In C there's a concept called `FILE' for this. In Unix (C, shell) it's called `pipe'. `Threads' are processes where all `inter-thread' communication must be done through one of those devices. Shared-memory parallel programming with manual synchronization was popularized by Windows and C++ coders. Why? Because `processes' were too heavy weight, too slow, and too cumbersome... kinda like the excuses people use when they don't want to use a scripting language.
C doesn't have a sophisticated typing system, but that has little to do with the issue of not being able to write a "sanitized string" type. Just the idea of sanitized string sounds wrong to me. If it's not an ASCII, NUL-terminated array of characters, then it's not properly called a string in C terminology.
Type abstraction is often the root cause of security bugs. For example, you could treat a password as a sub-type of string. But strings as commonly understood almost universally support the concept of truncation. But if you truncate a password horrible security repercussions result. So why would you want to treat it like a string at all?
Strings also usually support the notion of concatenation.
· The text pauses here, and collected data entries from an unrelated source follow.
(* Let us denote by $x_c(x)$ the abscissa of the first collision point of the trajectory starting from $x \in \Sigma$ with the upper boundary of $\hat{D}$. For all $x \in \Sigma$ such that $\alpha(x_c(x))$ is defined, we have \begin{displaymath} f'(x) = \frac{\sin(\theta + \alpha(x_c(x)))}{\sin(\theta-\alpha(x_c(x)))} . \end{displaymath}
   Context: Setting: an internal-wave billiard (a point particle moving at unit speed in a planar table, reflected so that the angles of incident and reflected velocities with the vertical are equal) in a table $D$ of height $1/2$ with horizontal bases, a vertical left side, and right side the graph of a piecewise $C^1$, strictly decreasing, concave function (possibly plus a vertical segment attached to its lower end). The dynamics is unfolded to a linear flow of unit speed and fixed direction $\theta$ (angle with the vertical) on $\hat{D}\subset\mathbb{R}^2$, a 4-fold copy of $D$, whose upper boundary is the graph of an even function $b:[-1/2,1/2]\to\mathbb{R}^+$ that is piecewise $C^1$, concave, and non-increasing on $[0,1/2]$, the lower boundary being its mirror image; opposite boundary points (same abscissa on upper/lower boundary, same ordinate on left/right boundary) are identified. Set $\alpha(x):=\arctan(b'(x))$ (defined except at countably many points), with $\alpha(-1/2)=\alpha_M$, $\alpha(1/2)=-\alpha_M$. The direction satisfies $\theta\in(\alpha_M,\pi/2)$. $\Sigma$ is a horizontal segment of length $1$ spanning $\hat D$ (a cross-section, topologically a circle after the identifications), and $f:\Sigma\to\Sigma$ is the first-return (Poincaré) map of the linear flow; between consecutive returns a trajectory hits the upper boundary once and continues from the opposite point of the lower boundary. *)

From Stdlib Require Import Reals ZArith ClassicalEpsilon.
From Coquelicot Require Import Coquelicot.
Open Scope R_scope.

Definition cont_on (g : R -> R) (a c : R) : Prop :=
  forall x, a <= x <= c -> forall eps, 0 < eps ->
    exists delta, 0 < delta /\
      forall y, a <= y <= c -> Rabs (y - x) < delta -> Rabs (g y - g x) < eps.

Definition piecewise_C1 (g : R -> R) (a c : R) : Prop :=
  exists (n : nat) (t : nat -> R),
    t O = a /\ t n = c /\ (forall i, (i < n)%nat -> t i < t (S i)) /\
    cont_on g a c /\
    forall i, (i < n)%nat -> exists g' : R -> R,
      cont_on g' (t i) (t (S i)) /\
      forall y, t i < y < t (S i) -> is_derive g y (g' y).

Definition concave_on (g : R -> R) (a c : R) : Prop :=
  forall x y l, a <= x <= c -> a <= y <= c -> 0 <= l <= 1 ->
    l * g x + (1 - l) * g y <= g (l * x + (1 - l) * y).

(* alpha(x) = arctan(b'(x)) (meaningful where b is differentiable). *)
Definition alpha (b : R -> R) (x : R) : R := atan (Derive b x).

(* Reduction of an abscissa of the universal cover to [-1/2, 1/2). *)
Definition red (X : R) : R := X - IZR (Int_part (X + 1/2)).

(* Unfolded flow: unit speed, direction (cos theta, sin theta); the cross
   section Sigma is the horizontal segment at height y0, abscissae in
   [-1/2,1/2] with the endpoints identified (we work on the universal cover).
   The trajectory starting from (x, y0) is at (x + t cos theta, y0 + t sin theta)
   (abscissa taken modulo 1). *)
Definition hits_upper (b : R -> R) (theta y0 x t : R) : Prop :=
  exists k : Z,
    -1/2 <= x + t * cos theta - IZR k <= 1/2 /\
    y0 + t * sin theta = b (x + t * cos theta - IZR k).

Definition is_first_collision_time (b : R -> R) (theta y0 x t : R) : Prop :=
  0 < t /\ hits_upper b theta y0 x t /\
  forall s, 0 < s < t -> ~ hits_upper b theta y0 x s.

(* The first collision time (it exists and is unique under the standing
   hypotheses; otherwise the value is irrelevant). *)
Definition tcoll (b : R -> R) (theta y0 x : R) : R :=
  epsilon (inhabits 0) (is_first_collision_time b theta y0 x).

Definition x_c (b : R -> R) (theta y0 x : R) : R :=
  red (x + tcoll b theta y0 x * cos theta).

(* Lift of the first-return map f : Sigma -> Sigma.  After the collision at
   (X_c, b(x_c)) the trajectory continues from the opposite point
   (X_c, -b(x_c)) of the lower boundary and returns to height y0 after
   travelling the horizontal distance (y0 + b(x_c)) cot theta.
   f = (return_lift mod 1), and f' is the derivative of this lift. *)
Definition return_lift (b : R -> R) (theta y0 : R) (x : R) : R :=
  x + tcoll b theta y0 x * cos theta
    + (y0 + b (x_c b theta y0 x)) * cos theta / sin theta.

(* Let T = tan theta and let B = b o red be the 1-periodic extension of b to the
   universal cover.  Concavity and evenness make B Lipschitz with constant
   d = b'(-1/2) < T.  The trajectory from x meets the graph of B at the abscissas X
   with y0 + (X - x) T = B X, i.e. where the launch point L X = X - (B X - y0) / T
   equals x.  As L is continuous and expanding at rate 1 - d/T > 0, there is
   exactly one such X: it is the first collision, and x |-> X is the inverse of L,
   so X'(x) = 1 / L'(X) = T / (T - b'(x_c)).  The return map lifts to
   x |-> 2 X - x + 2 y0 / T, whose derivative (T + b') / (T - b') is
   sin(theta + alpha) / sin(theta - alpha). *)

From Stdlib Require Import Reals Lra Lia ClassicalEpsilon.
From Coquelicot Require Import Coquelicot.
Open Scope R_scope.

Definition slope (g : R -> R) (p q : R) : R := (g q - g p) / (q - p).

Section ConcaveSlopes.

Variables (g : R -> R) (a c : R).
Hypothesis hconc : concave_on g a c.

Lemma concave_chord p q r : a <= p -> p < q -> q < r -> r <= c ->
  (r - q) * g p + (q - p) * g r <= (r - p) * g q.
Proof.
  intros Hap Hpq Hqr Hrc.
  set (l := (r - q) / (r - p)).
  assert (Hl : 0 <= l <= 1).
  { unfold l. split.
    - apply Rdiv_le_0_compat; lra.
    - apply Rmult_le_reg_r with (r - p); [lra |].
      unfold Rdiv. rewrite Rmult_assoc, Rinv_l by lra. lra. }
  pose proof (hconc p r l ltac:(lra) ltac:(lra) Hl) as H.
  replace (l * p + (1 - l) * r) with q in H by (unfold l; field; lra).
  replace ((r - q) * g p + (q - p) * g r) with ((r - p) * (l * g p + (1 - l) * g r))
    by (unfold l; field; lra).
  apply Rmult_le_compat_l; lra.
Qed.

Lemma concave_slope_left p q r : a <= p -> p < q -> q < r -> r <= c ->
  slope g p r <= slope g p q.
Proof.
  intros Hap Hpq Hqr Hrc. pose proof (concave_chord p q r Hap Hpq Hqr Hrc).
  unfold slope. apply Rle_div_l; [lra |].
  replace ((g q - g p) / (q - p) * (r - p)) with ((r - p) * (g q - g p) / (q - p))
    by (field; lra).
  apply Rle_div_r; [lra |]. nra.
Qed.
So take HTML. You could keep an HTML document as a string, but HTML has a hierarchical structure, and prepending or appending data to a complete document results in garbage.
Just exclude those methods, one says. Well (1) the fact that you must exclude already exposes you to mishaps and bugs the same as forgetting to bounds check an operation in C, and (2) what are you left with when you exclude all the unnecessary and possibly dangerous operations? Not much.
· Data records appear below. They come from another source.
Lemma Eset_hatdualconeC h g : coneC S g ->
  Eset S h g = [set (capp l h / capp l g)%R | l in hatdualconeC S].
Proof.
move=> g_in; apply/seteqP; split=> _ [l l_in <-]; last first.
  by exists l => //; apply: hatdualconeC_sub.
have [[[l1_lin _] [l2_lin _]] l_neq0] := l_in.
set r := capp l h / capp l g.
have [l' l'_hat l'W] : exists2 l', hatdualconeC S l' & capp l' (h - cmul r g) = 0.
  apply: dualconeC_kernel_hat l_in _.
  by rewrite cappB // capp_cmul // divfK ?subrr ?l_neq0.
exists l' => //.
have [[[l'1_lin _] [l'2_lin _]] l'_neq0] : dualconeC S l' by apply: hatdualconeC_sub.
move/eqP: l'W; rewrite cappB // capp_cmul // subr_eq0 => /eqP ->.
by rewrite mulfK ?l'_neq0.
Qed.

End HatDualCone.

Theorem lemma5p9 (R : realType) (V : topologicalLmodType R)
  (B : completeNormedModType R) (iota : {linear V -> B})
  (S : set (B -> R)) (e : V) (m : B -> R) (kappa : R)
  (Hset : cone_setting iota S e m kappa)
  (h g : BC) (hC : coneC S h) (gC : coneC S g) :
  Eset S h g = [set (capp l h / capp l g)%R | l in hatdualconeC S].
Proof.
have [S_dual [_ [_ [_ [_ [_ [_ [[m_dualR _] [_ [/andP[kappa_gt0 _] m_ge]]]]]]]]]] := Hset.
have m_gt0 x : coneB S x -> 0 < m x.
  move=> x_in; apply: lt_le_trans (m_ge x x_in).
  by rewrite mulr_gt0 // normr_gt0; case: x_in.
apply: (@Eset_hatdualconeC R B S m) gC.
- by move=> s /S_dual[].
- by split=> //; split=> // x /m_gt0/ltW.
Qed.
Buffer overflows in C usually are the result of people trying to treat everything like a string; they want to slurp data into a string or array, and then manipulate it in that form. That's a horrible way to write software, whether in C or any other language. It just so happens that if you do it in C you're susceptible to more attacks than if you do it in, say, Java; but the solution isn't to write the bad code in Java; it's to stop writing that kind of code at all.
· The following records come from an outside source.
Lemma first_move t : valid_strategy G Follower t -> t [Start] = Exit \/ t [Start] = Handover.
Proof.
  intros Ht; pose proof (Ht [Start] (conj eq_refl I) eq_refl) as H.
  simpl in H; destruct (t [Start]); simpl in H; tauto.
Qed.

Lemma second_move t : valid_strategy G Leader t ->
  t [Start; Handover] = Fair \/ t [Start; Handover] = Greedy.
Proof.
  intros Ht; pose proof (Ht [Start; Handover] (conj eq_refl (conj I I)) eq_refl) as H.
  simpl in H; destruct (t [Start; Handover]); simpl in H; tauto.
Qed.

Lemma valid_choices s : valid_profile G s ->
  (s Follower [Start] = Exit \/ s Follower [Start] = Handover) /\
  (s Leader [Start; Handover] = Fair \/ s Leader [Start; Handover] = Greedy).
Proof. intros Hv; exact (conj (first_move _ (Hv Follower)) (second_move _ (Hv Leader))). Qed.

Lemma play_two s : valid_profile G s -> play G s 2 = out s.
Proof.
  intros Hv; destruct (valid_choices s Hv) as [[Hc1|Hc1] _]; unfold out.
  - pose proof (play_edge G s Hv 1) as E.
    change (play G s 1) with (s Follower [Start]) in E.
    rewrite Hc1 in *; destruct (play G s 2); simpl in E; tauto.
  - rewrite play_S; change (play G s 1) with (s Follower [Start]).
    change (hist G s 1) with [Start; s Follower [Start]].
    rewrite Hc1; reflexivity.
Qed.

Lemma out_absorbing s : valid_profile G s -> forall w, edge (out s) w -> w = out s.
Proof.
  intros Hv w; unfold out.
  destruct (valid_choices s Hv) as [[-> | ->] [-> | ->]]; destruct w; simpl; tauto.
Qed.

Lemma play_out s : valid_profile G s -> forall i, (2 <= i)%nat -> play G s i = out s.
Proof.
  intros Hv i Hi; replace i with (2 + (i - 2))%nat by lia.
  rewrite play_absorbing, play_two; auto.
  rewrite play_two by exact Hv; apply out_absorbing, Hv.
Qed.

Lemma raw_out s p : valid_profile G s -> raw G p s = Fin (IZR (pay p (out s))).
Proof.
  intros Hv; apply (Liminf_mean_eventually_const _ _ 1); intros i Hi.
  cbn [reward G]; rewrite Q2R_inject_Z, (play_out s Hv (S i)) by lia; reflexivity.
Qed.

Lemma incval_out s (f : vertex -> R) : valid_profile G s ->
  incval G (fun h => f (lastv G h)) s = Fin (f (out s)).
Proof.
  intros Hv; apply (Liminf_mean_eventually_const _ _ 1); intros i Hi.
  exact (f_equal f (play_out s Hv (S i) ltac:(lia))).
Qed.

Lemma raw_le_iff s s' p : valid_profile G s -> valid_profile G s' ->
  ER_le (raw G p s) (raw G p s') <-> (pay p (out s) <= pay p (out s'))%Z.
Proof.
  intros Hv Hv'; rewrite (raw_out s p Hv), (raw_out s' p Hv'); simpl.
  split; [apply le_IZR | apply IZR_le].
Qed.

Lemma sum_followers_G f : sum_followers G f = f Follower.
Proof. apply ER_add_0r. Qed.

Definition choose (c1 c2 : vertex) : strategy G :=
  fun h => match lastv G h with Start => c1 | Handover => c2 | v => v end.

Definition profile_of (c1 c2 : vertex) : profile G := fun _ => choose c1 c2.

Lemma choose_valid c1 c2 p :
  edge Start c1 -> edge Handover c2 -> valid_strategy G p (choose c1 c2).
Proof. intros H1 H2 h _ _; unfold choose; destruct (lastv G h); simpl; auto. Qed.

Lemma profile_of_valid c1 c2 :
  edge Start c1 -> edge Handover c2 -> valid_profile G (profile_of c1 c2).
Proof. intros H1 H2 p; apply choose_valid; assumption. Qed.

Lemma out_upd_follower s t :
  out (upd G s Follower t) = outcome (t [Start]) (s Leader [Start; Handover]).
Proof. reflexivity. Qed.

Lemma out_upd_leader s t :
  out (upd G s Leader t) = outcome (s Follower [Start]) (t [Start; Handover]).
Proof. reflexivity. Qed.

Lemma deviation_unprofitable s p c1 c2 :
  valid_profile G s -> edge Start c1 -> edge Handover c2 ->
  ER_le (raw G p (upd G s p (choose c1 c2))) (raw G p s) ->
  (pay p (out (upd G s p (choose c1 c2))) <= pay p (out s))%Z.
Proof. intros Hv H1 H2; apply raw_le_iff; [apply upd_valid, choose_valid|]; assumption. Qed.

Lemma leader_sp_not_greedy s : leader_sp G s -> out s <> Greedy.
Proof.
  intros [Hv Hdev] Hout.
  pose proof (deviation_unprofitable s Follower Exit Fair Hv I I
                (Hdev Follower (choose Exit Fair) ltac:(discriminate) (choose_valid Exit Fair Follower I I))) as H.
  rewrite Hout, out_upd_follower in H; simpl in H; lia.
Qed.

Lemma nash_out s : nash G s -> out s = Exit.
Proof.
  intros HN; pose proof (leader_sp_not_greedy s (nash_leader_sp G s HN)) as Hng.
  destruct HN as [Hv Hdev]; unfold out in *.
  destruct (valid_choices s Hv) as [[H1|H1] [H2|H2]]; rewrite H1, ?H2 in *;
    try reflexivity; [|now contradiction Hng].
  pose proof (deviation_unprofitable s Leader Exit Greedy Hv I I
                (Hdev Leader (choose Exit Greedy) (choose_valid Exit Greedy Leader I I))) as H.
  rewrite out_upd_leader in H; unfold out in H; rewrite H1, H2 in H; simpl in H; lia.
Qed.

Lemma leader_sp_payoff_le1 s : leader_sp G s -> ER_le (raw G (leader G) s) (Fin 1).
Proof.
  intros HL; pose proof (leader_sp_not_greedy s HL) as Hng.
  rewrite (raw_out s (leader G) (proj1 HL)); simpl.
  destruct (out s); simpl; try lra; contradiction.
Qed.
Using the best language for the particular job also helps. Writing parsers has always been easier for me to do in C because of pointers, and the ability to write very concise state machines. A parser is really a way to consume a string, character by character, and transform it into some other structure. So when people tell me that handling strings in C is more difficult, I don't know how to respond. It's certainly more difficult to juggle and manipulate strings in C. But if that's how you're processing string input in any language, you're probably doing it wrong. If I'm parsing an e-mail message, I'll construct a tree of objects by consuming a stream of characters. I may store the message, or parts of it, as a character "string", but only as an immutable object that I never need to manipulate; outputting it later, if necessary. So I rarely care about the difficulty of manipulating strings in C, because I rarely need to do that.
I tend to use general purpose scripting languages for things _other_ than string processing, like executing complex rules or transformations of structures of objects. For still other things domain specific language are preferable.
Of course, if all you want to do is hack out a script to process some data (as Perl is popular for), then have at it. But don't fool yourself that your script is any more secure than if written in C. There are probably several times more remote execution bugs in scripting language built applications than C applications, just because of improper use of strings.
Posted Feb 3, 2011 10:00 UTC (Thu) by Thomas (subscriber, #39963)
[Link]
"For example, you could treat a password as a sub-type of string. But strings as commonly understood almost universally support the concept of truncation. But if you truncate a password horrible security repercussions result. So why would you want to treat it like a string at all?"
You got it the wrong way round. Strings [a concatenation of bytes] can support truncation but don't have to.
Cheers,
T.
String manipulation bugs
Posted Feb 6, 2011 19:08 UTC (Sun) by man_ls (subscriber, #15091)
[Link]
(2) what are you left with when you exclude all the unnecessary and possibly dangerous operations? Not much.
Immutable strings. As seen in Java, Python or Lua. Safe, flexible, and only occasionally slow enough to use other options. If you remove the main cause for the most common security bug, and nobody complains, then in my book that is a good decision.
There are probably several times more remote execution bugs in scripting language built applications than C applications, just because of improper use of strings.
String manipulation bugs I can live with. Security holes are unacceptable. A language where every bug must be considered a security bug is too hard for me.
LCA: Lessons from 30 years of Sendmail
Posted Feb 12, 2011 23:07 UTC (Sat) by ofranja (subscriber, #11084)
[Link]
"Type abstraction is often the root cause of security bugs. For example, you could treat a password as a sub-type of string. But strings as commonly understood almost universally support the concept of truncation. But if you truncate a password [...]"
I think you wanted to say LACK of abstraction.
If password is not exactly a string, you should have created a "password" type with proper operations and associated semantics.
Do not ever consider "C" as an example of "complete type system", unless you also consider a Ford T an modern vehicle.